• [PROVIDED DATA]:
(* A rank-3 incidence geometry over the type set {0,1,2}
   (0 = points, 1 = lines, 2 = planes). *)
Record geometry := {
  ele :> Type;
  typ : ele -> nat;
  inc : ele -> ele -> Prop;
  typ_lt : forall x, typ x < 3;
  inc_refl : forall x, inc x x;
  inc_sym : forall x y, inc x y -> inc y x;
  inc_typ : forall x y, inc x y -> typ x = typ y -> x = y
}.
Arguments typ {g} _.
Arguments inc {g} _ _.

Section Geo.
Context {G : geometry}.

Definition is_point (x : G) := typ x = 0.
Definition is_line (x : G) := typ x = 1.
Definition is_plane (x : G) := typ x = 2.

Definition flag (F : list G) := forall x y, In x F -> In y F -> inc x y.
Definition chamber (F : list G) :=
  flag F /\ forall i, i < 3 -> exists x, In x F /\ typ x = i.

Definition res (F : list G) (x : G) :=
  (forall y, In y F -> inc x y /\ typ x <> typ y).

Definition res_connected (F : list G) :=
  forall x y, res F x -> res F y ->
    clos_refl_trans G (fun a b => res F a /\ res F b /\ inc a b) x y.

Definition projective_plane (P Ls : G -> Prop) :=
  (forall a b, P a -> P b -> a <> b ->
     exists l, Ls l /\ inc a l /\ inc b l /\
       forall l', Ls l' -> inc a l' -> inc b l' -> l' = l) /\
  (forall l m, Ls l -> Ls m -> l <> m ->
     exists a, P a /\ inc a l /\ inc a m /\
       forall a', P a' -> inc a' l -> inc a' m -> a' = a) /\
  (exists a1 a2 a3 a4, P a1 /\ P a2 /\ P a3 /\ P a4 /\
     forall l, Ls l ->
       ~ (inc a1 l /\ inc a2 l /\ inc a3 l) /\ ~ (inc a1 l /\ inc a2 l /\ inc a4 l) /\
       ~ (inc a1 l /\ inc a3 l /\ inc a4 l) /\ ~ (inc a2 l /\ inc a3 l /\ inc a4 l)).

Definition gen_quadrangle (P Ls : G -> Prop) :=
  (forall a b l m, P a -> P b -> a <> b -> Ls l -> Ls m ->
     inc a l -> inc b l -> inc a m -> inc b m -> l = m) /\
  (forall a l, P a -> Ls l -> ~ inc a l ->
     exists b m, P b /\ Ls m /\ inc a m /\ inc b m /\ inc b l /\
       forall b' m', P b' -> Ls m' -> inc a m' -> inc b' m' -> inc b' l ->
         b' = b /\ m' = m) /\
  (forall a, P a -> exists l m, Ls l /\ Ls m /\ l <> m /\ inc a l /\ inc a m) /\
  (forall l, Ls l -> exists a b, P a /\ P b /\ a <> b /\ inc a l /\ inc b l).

• [ACTION ITEM]:
Could you write the whole listing out again, line for line?

• [PROBLEM SOLUTION]:
(* A rank-3 incidence geometry over the type set {0,1,2}
   (0 = points, 1 = lines, 2 = planes). *)
Record geometry := {
  ele :> Type;
  typ : ele -> nat;
  inc : ele -> ele -> Prop;
  typ_lt : forall x, typ x < 3;
  inc_refl : forall x, inc x x;
  inc_sym : forall x y, inc x y -> inc y x;
  inc_typ : forall x y, inc x y -> typ x = typ y -> x = y
}.
Arguments typ {g} _.
Arguments inc {g} _ _.

Section Geo.
Context {G : geometry}.

Definition is_point (x : G) := typ x = 0.
Definition is_line (x : G) := typ x = 1.
Definition is_plane (x : G) := typ x = 2.

Definition flag (F : list G) := forall x y, In x F -> In y F -> inc x y.
Definition chamber (F : list G) :=
  flag F /\ forall i, i < 3 -> exists x, In x F /\ typ x = i.

Definition res (F : list G) (x : G) :=
  (forall y, In y F -> inc x y /\ typ x <> typ y).

Definition res_connected (F : list G) :=
  forall x y, res F x -> res F y ->
    clos_refl_trans G (fun a b => res F a /\ res F b /\ inc a b) x y.

Definition projective_plane (P Ls : G -> Prop) :=
  (forall a b, P a -> P b -> a <> b ->
     exists l, Ls l /\ inc a l /\ inc b l /\
       forall l', Ls l' -> inc a l' -> inc b l' -> l' = l) /\
  (forall l m, Ls l -> Ls m -> l <> m ->
     exists a, P a /\ inc a l /\ inc a m /\
       forall a', P a' -> inc a' l -> inc a' m -> a' = a) /\
  (exists a1 a2 a3 a4, P a1 /\ P a2 /\ P a3 /\ P a4 /\
     forall l, Ls l ->
       ~ (inc a1 l /\ inc a2 l /\ inc a3 l) /\ ~ (inc a1 l /\ inc a2 l /\ inc a4 l) /\
       ~ (inc a1 l /\ inc a3 l /\ inc a4 l) /\ ~ (inc a2 l /\ inc a3 l /\ inc a4 l)).

Definition gen_quadrangle (P Ls : G -> Prop) :=
  (forall a b l m, P a -> P b -> a <> b -> Ls l -> Ls m ->
     inc a l -> inc b l -> inc a m -> inc b m -> l = m) /\
  (forall a l, P a -> Ls l -> ~ inc a l ->
     exists b m, P b /\ Ls m /\ inc a m /\ inc b m /\ inc b l /\
       forall b' m', P b' -> Ls m' -> inc a m' -> inc b' m' -> inc b' l ->
         b' = b /\ m' = m) /\
  (forall a, P a -> exists l m, Ls l /\ Ls m /\ l <> m /\ inc a l /\ inc a m) /\
  (forall l, Ls l -> exists a b, P a /\ P b /\ a <> b /\ inc a l /\ inc b l).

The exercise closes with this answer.